[[ DATASET CONTENT, beginning ]]
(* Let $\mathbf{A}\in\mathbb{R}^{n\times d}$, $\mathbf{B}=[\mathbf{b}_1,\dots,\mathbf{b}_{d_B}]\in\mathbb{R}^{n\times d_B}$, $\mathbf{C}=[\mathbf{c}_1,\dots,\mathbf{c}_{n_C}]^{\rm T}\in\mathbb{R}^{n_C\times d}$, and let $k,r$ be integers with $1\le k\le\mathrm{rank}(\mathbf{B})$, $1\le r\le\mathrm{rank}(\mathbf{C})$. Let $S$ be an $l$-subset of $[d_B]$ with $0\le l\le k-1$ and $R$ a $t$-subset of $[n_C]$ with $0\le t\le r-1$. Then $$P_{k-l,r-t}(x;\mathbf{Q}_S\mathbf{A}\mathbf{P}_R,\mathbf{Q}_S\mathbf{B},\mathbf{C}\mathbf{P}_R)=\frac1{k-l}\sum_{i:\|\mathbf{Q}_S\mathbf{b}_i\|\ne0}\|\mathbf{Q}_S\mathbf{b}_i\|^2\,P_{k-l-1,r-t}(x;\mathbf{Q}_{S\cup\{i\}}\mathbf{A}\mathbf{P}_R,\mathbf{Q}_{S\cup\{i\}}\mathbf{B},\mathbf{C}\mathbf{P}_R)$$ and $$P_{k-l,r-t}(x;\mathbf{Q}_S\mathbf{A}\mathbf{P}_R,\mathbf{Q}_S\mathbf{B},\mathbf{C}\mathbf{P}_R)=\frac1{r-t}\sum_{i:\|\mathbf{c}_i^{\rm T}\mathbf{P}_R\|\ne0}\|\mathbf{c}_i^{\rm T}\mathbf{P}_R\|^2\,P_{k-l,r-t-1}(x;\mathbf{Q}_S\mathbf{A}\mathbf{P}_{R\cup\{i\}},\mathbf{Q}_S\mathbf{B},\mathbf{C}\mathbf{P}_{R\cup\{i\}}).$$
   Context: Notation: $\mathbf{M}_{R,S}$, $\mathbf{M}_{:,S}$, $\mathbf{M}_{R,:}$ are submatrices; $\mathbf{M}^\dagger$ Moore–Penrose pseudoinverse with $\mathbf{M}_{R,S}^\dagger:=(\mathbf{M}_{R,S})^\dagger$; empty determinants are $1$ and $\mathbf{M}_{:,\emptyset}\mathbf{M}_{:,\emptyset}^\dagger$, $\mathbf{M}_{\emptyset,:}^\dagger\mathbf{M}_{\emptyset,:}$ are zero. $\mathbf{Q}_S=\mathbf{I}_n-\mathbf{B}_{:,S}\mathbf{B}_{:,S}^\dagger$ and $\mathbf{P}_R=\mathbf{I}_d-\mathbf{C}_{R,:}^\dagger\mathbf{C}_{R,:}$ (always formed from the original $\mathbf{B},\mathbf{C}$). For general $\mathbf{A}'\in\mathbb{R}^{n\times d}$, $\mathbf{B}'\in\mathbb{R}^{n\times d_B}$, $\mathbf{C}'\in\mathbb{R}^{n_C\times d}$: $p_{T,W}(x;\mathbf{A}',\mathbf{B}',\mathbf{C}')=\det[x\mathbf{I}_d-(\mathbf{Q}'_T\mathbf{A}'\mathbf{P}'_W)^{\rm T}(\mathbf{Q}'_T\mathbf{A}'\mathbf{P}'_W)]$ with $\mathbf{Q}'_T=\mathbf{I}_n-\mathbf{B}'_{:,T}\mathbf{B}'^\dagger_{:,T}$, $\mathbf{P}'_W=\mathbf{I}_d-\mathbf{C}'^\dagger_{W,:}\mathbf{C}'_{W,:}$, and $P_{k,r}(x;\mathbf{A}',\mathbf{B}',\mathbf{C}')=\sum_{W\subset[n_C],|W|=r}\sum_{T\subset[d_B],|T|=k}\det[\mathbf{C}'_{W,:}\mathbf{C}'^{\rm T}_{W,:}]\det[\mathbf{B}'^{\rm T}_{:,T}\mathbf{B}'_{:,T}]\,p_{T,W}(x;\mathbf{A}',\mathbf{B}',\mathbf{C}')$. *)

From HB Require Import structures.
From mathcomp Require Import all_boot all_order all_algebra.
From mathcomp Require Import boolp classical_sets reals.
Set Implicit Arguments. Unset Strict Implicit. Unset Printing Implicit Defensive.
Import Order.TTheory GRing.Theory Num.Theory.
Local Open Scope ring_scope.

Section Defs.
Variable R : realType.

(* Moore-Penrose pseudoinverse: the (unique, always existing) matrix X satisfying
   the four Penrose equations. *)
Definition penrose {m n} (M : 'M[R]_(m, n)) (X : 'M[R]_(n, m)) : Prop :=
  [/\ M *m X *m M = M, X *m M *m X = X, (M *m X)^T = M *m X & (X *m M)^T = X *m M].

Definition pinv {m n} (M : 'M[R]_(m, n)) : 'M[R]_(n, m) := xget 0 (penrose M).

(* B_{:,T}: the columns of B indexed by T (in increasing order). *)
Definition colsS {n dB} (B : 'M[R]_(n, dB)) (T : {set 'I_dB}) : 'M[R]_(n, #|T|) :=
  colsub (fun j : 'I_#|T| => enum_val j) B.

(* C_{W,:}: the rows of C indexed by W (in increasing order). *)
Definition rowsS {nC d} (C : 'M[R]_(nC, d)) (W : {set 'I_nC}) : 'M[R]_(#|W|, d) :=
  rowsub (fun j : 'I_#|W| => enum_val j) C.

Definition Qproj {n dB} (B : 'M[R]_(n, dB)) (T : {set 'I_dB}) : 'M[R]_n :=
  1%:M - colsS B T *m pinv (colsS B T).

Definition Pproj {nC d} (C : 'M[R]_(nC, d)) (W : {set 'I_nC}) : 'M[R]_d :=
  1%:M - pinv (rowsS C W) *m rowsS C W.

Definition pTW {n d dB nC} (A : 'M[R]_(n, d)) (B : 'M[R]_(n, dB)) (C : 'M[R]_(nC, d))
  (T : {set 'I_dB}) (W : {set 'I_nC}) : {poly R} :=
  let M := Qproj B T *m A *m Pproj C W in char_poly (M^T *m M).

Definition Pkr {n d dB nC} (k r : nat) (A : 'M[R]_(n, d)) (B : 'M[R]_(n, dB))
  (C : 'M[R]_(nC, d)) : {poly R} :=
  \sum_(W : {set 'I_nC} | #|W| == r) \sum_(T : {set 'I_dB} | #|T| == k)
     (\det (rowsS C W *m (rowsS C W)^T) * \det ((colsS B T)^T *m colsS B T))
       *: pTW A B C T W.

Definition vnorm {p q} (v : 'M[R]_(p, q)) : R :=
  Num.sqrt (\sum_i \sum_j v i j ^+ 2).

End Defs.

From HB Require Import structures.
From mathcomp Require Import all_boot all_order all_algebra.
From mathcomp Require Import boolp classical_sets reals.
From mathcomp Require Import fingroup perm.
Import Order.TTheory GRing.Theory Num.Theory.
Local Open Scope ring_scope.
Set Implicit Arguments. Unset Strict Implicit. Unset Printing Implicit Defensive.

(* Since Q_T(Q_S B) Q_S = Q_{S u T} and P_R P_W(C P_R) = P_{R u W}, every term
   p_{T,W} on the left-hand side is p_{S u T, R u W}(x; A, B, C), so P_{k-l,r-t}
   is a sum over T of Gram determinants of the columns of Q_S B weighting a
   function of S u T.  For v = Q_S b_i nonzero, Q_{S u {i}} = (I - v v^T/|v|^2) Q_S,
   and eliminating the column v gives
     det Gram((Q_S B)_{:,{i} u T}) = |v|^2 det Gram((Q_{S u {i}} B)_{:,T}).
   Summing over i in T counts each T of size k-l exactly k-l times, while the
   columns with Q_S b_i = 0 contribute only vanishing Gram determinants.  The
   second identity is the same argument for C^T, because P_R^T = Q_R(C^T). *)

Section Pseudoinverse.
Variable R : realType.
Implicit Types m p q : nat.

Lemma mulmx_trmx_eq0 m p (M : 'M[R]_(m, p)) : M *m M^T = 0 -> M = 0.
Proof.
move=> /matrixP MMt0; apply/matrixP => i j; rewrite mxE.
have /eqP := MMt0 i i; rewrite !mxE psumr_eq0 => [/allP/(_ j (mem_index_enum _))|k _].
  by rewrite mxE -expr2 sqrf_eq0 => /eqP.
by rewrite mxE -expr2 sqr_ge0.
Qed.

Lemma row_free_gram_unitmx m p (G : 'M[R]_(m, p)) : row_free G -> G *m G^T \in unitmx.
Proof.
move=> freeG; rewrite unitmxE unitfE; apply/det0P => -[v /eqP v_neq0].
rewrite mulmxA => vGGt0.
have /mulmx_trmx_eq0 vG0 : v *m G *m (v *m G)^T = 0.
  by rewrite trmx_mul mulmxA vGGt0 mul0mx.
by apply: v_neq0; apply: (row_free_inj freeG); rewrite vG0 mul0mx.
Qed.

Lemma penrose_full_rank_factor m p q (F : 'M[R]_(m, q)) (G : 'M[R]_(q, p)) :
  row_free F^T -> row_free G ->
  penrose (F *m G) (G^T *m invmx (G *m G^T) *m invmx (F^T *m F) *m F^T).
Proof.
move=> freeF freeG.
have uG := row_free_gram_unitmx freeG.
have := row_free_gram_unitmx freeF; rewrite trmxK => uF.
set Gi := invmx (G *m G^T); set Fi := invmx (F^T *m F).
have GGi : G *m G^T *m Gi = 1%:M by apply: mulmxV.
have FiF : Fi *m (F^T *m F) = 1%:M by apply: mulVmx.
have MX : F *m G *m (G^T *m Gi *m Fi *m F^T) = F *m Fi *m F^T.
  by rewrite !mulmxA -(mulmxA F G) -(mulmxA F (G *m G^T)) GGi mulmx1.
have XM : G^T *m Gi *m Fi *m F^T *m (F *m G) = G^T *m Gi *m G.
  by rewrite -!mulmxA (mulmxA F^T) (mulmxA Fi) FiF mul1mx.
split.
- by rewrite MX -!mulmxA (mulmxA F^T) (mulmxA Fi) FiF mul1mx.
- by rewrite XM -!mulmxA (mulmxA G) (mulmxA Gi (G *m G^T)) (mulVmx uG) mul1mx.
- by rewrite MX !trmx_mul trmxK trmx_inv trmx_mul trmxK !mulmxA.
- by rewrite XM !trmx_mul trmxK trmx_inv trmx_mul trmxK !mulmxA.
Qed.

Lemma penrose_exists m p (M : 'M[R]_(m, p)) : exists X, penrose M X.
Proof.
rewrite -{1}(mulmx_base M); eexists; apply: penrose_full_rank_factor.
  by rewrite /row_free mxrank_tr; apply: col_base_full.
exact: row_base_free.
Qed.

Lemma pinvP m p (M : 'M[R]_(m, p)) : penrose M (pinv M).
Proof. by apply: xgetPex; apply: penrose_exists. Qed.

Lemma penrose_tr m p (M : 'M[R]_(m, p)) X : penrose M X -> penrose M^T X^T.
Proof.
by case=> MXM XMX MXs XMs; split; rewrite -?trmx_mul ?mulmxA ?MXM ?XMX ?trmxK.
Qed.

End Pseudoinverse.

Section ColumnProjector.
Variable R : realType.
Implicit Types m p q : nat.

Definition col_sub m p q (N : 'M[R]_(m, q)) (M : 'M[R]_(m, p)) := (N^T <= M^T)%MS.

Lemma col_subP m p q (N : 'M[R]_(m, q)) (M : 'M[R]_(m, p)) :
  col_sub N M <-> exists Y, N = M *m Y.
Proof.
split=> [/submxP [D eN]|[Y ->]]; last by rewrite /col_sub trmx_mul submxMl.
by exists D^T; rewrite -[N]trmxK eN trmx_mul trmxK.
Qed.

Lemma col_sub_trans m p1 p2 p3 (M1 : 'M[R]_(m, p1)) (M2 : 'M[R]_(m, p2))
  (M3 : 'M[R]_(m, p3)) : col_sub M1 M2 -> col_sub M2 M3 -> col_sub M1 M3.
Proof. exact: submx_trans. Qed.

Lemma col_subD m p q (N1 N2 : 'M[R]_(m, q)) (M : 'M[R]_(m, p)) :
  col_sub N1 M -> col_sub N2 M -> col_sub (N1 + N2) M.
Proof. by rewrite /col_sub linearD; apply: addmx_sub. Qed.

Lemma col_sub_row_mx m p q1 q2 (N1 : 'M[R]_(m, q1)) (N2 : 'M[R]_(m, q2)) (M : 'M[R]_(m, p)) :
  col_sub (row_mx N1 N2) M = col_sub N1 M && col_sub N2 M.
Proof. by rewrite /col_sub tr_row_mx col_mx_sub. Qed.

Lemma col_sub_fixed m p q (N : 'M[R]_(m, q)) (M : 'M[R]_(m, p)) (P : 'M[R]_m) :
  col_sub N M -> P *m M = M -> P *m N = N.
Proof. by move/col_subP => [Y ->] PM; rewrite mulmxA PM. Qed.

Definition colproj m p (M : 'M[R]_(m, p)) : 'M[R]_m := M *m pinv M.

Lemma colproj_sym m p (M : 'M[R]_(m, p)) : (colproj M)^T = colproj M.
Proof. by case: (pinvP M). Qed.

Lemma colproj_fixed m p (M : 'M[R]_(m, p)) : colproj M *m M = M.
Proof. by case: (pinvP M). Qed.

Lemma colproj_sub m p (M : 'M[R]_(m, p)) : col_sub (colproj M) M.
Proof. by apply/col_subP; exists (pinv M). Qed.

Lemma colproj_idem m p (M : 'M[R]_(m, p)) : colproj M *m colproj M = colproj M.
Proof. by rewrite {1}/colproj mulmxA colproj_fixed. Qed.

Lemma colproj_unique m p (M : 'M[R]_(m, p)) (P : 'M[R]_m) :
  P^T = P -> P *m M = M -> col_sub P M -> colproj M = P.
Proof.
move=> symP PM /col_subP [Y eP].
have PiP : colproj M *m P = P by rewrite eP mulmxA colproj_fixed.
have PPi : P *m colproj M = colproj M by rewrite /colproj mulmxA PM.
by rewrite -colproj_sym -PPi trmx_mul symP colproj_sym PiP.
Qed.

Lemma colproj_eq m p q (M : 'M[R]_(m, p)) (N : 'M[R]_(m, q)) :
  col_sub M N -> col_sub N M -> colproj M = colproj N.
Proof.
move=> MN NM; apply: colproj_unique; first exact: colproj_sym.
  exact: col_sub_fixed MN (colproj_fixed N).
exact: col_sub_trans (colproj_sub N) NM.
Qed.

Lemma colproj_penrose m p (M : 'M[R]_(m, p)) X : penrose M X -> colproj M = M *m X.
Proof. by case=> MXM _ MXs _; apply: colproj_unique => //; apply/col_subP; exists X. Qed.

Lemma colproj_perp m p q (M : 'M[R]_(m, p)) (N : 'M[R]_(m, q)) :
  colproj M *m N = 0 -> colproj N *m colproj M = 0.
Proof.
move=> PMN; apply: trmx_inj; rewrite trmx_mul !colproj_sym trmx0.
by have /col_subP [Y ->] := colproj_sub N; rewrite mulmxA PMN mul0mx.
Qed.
[[ DATASET CONTENT, end ]]
[[ DATASET CONTENT, beginning ]]
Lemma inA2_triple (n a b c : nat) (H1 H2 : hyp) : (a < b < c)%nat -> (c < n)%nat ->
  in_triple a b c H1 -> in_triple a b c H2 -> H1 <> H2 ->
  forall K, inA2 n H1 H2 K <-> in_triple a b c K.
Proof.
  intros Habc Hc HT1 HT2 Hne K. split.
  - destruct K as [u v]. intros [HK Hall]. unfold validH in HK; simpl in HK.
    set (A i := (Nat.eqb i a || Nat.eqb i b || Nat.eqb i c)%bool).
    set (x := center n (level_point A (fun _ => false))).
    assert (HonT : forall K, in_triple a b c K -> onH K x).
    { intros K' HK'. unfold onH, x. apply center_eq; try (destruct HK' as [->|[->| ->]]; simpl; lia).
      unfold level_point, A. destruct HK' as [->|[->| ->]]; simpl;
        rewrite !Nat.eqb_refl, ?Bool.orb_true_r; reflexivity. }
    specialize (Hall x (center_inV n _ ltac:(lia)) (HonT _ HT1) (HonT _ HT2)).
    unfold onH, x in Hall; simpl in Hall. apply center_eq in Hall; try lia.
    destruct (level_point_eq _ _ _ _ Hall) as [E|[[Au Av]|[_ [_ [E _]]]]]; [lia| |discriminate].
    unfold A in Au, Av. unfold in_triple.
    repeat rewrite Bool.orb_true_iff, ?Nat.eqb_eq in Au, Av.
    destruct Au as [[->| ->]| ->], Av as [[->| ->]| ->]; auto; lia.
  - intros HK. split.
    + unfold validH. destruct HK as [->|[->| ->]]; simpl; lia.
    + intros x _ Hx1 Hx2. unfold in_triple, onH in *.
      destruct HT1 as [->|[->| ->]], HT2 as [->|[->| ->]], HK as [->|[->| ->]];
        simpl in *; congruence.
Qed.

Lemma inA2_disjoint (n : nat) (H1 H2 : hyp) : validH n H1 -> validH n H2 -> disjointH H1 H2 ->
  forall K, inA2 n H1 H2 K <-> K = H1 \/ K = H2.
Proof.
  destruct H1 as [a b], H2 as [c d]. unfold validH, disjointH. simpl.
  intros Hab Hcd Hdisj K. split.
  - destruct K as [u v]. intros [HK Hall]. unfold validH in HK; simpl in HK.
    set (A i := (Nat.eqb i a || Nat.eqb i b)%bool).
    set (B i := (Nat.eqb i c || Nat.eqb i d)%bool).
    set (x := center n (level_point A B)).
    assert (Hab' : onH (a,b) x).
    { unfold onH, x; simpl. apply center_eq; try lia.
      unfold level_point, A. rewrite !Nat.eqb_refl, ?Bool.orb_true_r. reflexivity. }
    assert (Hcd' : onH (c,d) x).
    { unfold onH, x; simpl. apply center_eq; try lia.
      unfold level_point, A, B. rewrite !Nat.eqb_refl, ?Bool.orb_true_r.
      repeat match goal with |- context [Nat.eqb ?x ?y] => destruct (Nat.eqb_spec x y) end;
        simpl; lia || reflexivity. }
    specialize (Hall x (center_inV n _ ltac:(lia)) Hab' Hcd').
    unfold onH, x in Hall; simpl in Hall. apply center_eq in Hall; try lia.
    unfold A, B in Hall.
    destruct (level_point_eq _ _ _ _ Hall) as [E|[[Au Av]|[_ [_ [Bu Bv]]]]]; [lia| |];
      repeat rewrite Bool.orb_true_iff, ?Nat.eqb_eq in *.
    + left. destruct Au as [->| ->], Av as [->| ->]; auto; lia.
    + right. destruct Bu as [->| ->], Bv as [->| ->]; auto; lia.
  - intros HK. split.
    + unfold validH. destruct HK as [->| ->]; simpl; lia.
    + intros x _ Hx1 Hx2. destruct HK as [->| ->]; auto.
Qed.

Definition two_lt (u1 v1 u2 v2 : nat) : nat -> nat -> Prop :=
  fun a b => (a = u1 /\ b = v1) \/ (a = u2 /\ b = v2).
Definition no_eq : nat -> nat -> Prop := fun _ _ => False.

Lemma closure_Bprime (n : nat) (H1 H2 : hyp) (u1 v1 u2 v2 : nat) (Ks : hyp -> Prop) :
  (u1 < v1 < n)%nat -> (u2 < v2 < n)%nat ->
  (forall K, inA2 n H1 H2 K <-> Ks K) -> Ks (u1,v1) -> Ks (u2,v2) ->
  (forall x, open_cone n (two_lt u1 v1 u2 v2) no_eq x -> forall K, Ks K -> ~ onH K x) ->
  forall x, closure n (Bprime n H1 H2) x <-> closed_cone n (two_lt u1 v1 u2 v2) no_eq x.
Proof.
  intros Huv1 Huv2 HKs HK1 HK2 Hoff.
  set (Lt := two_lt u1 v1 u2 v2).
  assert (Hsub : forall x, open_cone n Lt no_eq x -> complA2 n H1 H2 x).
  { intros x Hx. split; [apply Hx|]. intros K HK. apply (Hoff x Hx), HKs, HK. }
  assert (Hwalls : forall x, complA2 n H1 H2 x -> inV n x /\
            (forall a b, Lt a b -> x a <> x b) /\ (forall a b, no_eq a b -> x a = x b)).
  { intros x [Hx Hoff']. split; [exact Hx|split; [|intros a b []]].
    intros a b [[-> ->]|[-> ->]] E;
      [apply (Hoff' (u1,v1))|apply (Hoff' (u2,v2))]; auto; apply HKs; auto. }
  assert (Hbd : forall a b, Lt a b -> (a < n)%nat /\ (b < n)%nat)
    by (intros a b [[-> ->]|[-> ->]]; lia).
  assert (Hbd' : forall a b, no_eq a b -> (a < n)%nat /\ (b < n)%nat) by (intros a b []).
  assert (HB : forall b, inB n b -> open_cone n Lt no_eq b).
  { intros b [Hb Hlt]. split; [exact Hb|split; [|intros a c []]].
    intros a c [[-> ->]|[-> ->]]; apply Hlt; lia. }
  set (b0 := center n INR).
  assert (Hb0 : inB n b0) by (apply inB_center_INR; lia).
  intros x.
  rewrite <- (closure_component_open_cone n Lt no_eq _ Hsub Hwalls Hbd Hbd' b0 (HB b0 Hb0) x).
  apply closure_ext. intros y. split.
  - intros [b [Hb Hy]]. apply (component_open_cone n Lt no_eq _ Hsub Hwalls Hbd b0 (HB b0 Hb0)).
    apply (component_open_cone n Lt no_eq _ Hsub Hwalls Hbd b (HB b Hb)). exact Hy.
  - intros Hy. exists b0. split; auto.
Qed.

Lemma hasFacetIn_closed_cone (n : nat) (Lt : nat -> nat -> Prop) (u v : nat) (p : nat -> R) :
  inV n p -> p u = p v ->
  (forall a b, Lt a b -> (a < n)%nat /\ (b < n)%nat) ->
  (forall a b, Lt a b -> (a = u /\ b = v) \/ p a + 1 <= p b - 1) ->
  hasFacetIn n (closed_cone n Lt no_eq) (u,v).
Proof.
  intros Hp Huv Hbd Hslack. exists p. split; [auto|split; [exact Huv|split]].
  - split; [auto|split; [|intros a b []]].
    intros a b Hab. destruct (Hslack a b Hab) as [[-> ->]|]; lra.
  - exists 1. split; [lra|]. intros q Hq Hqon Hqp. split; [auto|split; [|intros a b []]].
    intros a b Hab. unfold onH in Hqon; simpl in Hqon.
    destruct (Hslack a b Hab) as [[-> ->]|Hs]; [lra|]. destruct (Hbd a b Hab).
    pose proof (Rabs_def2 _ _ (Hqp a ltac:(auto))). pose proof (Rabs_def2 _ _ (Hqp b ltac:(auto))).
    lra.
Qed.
[[ DATASET CONTENT, end ]]
[[ DATASET CONTENT, beginning ]]
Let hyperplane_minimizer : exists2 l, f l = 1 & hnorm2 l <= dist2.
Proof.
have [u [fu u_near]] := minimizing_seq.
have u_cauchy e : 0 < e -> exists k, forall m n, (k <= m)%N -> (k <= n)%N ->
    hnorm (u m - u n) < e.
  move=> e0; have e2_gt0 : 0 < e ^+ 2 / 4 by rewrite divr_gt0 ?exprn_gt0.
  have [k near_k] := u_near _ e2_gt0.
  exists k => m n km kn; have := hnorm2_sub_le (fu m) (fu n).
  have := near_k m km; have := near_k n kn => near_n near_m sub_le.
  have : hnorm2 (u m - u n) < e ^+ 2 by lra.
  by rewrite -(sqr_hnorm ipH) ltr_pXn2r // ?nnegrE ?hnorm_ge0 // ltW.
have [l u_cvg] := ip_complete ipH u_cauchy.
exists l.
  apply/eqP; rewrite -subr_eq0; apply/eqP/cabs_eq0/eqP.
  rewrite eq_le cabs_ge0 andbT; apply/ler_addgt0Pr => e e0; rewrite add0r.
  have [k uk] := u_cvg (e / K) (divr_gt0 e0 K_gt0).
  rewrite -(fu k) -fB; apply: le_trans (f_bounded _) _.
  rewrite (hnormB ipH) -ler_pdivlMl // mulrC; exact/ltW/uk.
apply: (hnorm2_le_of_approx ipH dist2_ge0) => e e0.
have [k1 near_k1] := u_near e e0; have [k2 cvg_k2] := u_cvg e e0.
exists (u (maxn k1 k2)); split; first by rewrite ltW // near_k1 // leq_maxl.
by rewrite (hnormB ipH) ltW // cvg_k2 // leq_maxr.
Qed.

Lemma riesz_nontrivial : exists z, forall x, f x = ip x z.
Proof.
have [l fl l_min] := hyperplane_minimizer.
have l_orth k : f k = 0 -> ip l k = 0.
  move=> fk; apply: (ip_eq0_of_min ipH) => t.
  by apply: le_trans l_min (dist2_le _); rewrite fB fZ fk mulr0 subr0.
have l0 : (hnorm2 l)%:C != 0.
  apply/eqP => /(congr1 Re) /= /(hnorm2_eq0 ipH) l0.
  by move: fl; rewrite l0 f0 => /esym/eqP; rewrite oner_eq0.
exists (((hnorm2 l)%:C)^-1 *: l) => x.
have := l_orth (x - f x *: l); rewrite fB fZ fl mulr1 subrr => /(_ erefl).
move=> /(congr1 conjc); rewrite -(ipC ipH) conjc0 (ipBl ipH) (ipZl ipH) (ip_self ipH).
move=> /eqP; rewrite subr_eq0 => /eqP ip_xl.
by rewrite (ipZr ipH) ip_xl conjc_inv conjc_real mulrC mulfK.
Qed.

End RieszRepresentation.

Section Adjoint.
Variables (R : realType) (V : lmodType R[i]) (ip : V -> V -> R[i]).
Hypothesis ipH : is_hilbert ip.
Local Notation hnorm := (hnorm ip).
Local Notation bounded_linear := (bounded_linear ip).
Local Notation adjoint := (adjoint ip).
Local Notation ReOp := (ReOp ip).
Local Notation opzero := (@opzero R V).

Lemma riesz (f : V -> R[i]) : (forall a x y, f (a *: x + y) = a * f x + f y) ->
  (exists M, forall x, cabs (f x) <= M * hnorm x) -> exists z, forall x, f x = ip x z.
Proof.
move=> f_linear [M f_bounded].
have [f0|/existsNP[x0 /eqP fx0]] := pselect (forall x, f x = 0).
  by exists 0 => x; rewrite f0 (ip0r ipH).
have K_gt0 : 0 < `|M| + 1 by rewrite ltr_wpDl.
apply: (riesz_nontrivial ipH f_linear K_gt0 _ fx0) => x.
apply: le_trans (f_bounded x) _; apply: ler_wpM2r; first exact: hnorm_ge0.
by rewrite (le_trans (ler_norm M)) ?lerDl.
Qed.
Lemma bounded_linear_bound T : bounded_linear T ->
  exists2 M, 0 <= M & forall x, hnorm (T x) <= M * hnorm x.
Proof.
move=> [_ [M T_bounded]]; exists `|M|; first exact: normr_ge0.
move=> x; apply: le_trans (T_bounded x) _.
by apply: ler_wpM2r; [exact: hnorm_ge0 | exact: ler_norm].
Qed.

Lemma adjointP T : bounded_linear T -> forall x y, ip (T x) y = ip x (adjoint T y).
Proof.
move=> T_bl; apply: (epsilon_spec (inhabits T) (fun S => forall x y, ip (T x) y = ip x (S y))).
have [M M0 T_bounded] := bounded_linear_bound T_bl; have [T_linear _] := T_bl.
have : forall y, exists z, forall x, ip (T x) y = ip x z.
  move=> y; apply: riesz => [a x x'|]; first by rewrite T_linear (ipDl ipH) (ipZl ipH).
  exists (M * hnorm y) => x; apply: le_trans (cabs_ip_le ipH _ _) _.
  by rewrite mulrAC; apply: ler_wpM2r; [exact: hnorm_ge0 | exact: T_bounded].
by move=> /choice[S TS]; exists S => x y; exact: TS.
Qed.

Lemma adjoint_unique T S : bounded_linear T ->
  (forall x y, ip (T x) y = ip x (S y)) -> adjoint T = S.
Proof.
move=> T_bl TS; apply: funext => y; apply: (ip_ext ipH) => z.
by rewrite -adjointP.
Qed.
[[ DATASET CONTENT, end ]]
EXERCISE DESCRIPTION:
In the entries above, find the line holding "Section Defs." and the line holding "(* Since Q_T(Q_S", then retype exactly those two lines and every line between them, and nothing else.

RESULT OF THIS TASK:
Section Defs.
Variable R : realType.

(* Moore-Penrose pseudoinverse: the (unique, always existing) matrix X satisfying
   the four Penrose equations. *)
Definition penrose {m n} (M : 'M[R]_(m, n)) (X : 'M[R]_(n, m)) : Prop :=
  [/\ M *m X *m M = M, X *m M *m X = X, (M *m X)^T = M *m X & (X *m M)^T = X *m M].

Definition pinv {m n} (M : 'M[R]_(m, n)) : 'M[R]_(n, m) := xget 0 (penrose M).

(* B_{:,T}: the columns of B indexed by T (in increasing order). *)
Definition colsS {n dB} (B : 'M[R]_(n, dB)) (T : {set 'I_dB}) : 'M[R]_(n, #|T|) :=
  colsub (fun j : 'I_#|T| => enum_val j) B.

(* C_{W,:}: the rows of C indexed by W (in increasing order). *)
Definition rowsS {nC d} (C : 'M[R]_(nC, d)) (W : {set 'I_nC}) : 'M[R]_(#|W|, d) :=
  rowsub (fun j : 'I_#|W| => enum_val j) C.

Definition Qproj {n dB} (B : 'M[R]_(n, dB)) (T : {set 'I_dB}) : 'M[R]_n :=
  1%:M - colsS B T *m pinv (colsS B T).

Definition Pproj {nC d} (C : 'M[R]_(nC, d)) (W : {set 'I_nC}) : 'M[R]_d :=
  1%:M - pinv (rowsS C W) *m rowsS C W.

Definition pTW {n d dB nC} (A : 'M[R]_(n, d)) (B : 'M[R]_(n, dB)) (C : 'M[R]_(nC, d))
  (T : {set 'I_dB}) (W : {set 'I_nC}) : {poly R} :=
  let M := Qproj B T *m A *m Pproj C W in char_poly (M^T *m M).

Definition Pkr {n d dB nC} (k r : nat) (A : 'M[R]_(n, d)) (B : 'M[R]_(n, dB))
  (C : 'M[R]_(nC, d)) : {poly R} :=
  \sum_(W : {set 'I_nC} | #|W| == r) \sum_(T : {set 'I_dB} | #|T| == k)
     (\det (rowsS C W *m (rowsS C W)^T) * \det ((colsS B T)^T *m colsS B T))
       *: pTW A B C T W.

Definition vnorm {p q} (v : 'M[R]_(p, q)) : R :=
  Num.sqrt (\sum_i \sum_j v i j ^+ 2).

End Defs.

From HB Require Import structures.
From mathcomp Require Import all_boot all_order all_algebra.
From mathcomp Require Import boolp classical_sets reals.
From mathcomp Require Import fingroup perm.
Import Order.TTheory GRing.Theory Num.Theory.
Local Open Scope ring_scope.
Set Implicit Arguments. Unset Strict Implicit. Unset Printing Implicit Defensive.

(* Since Q_T(Q_S B) Q_S = Q_{S u T} and P_R P_W(C P_R) = P_{R u W}, every term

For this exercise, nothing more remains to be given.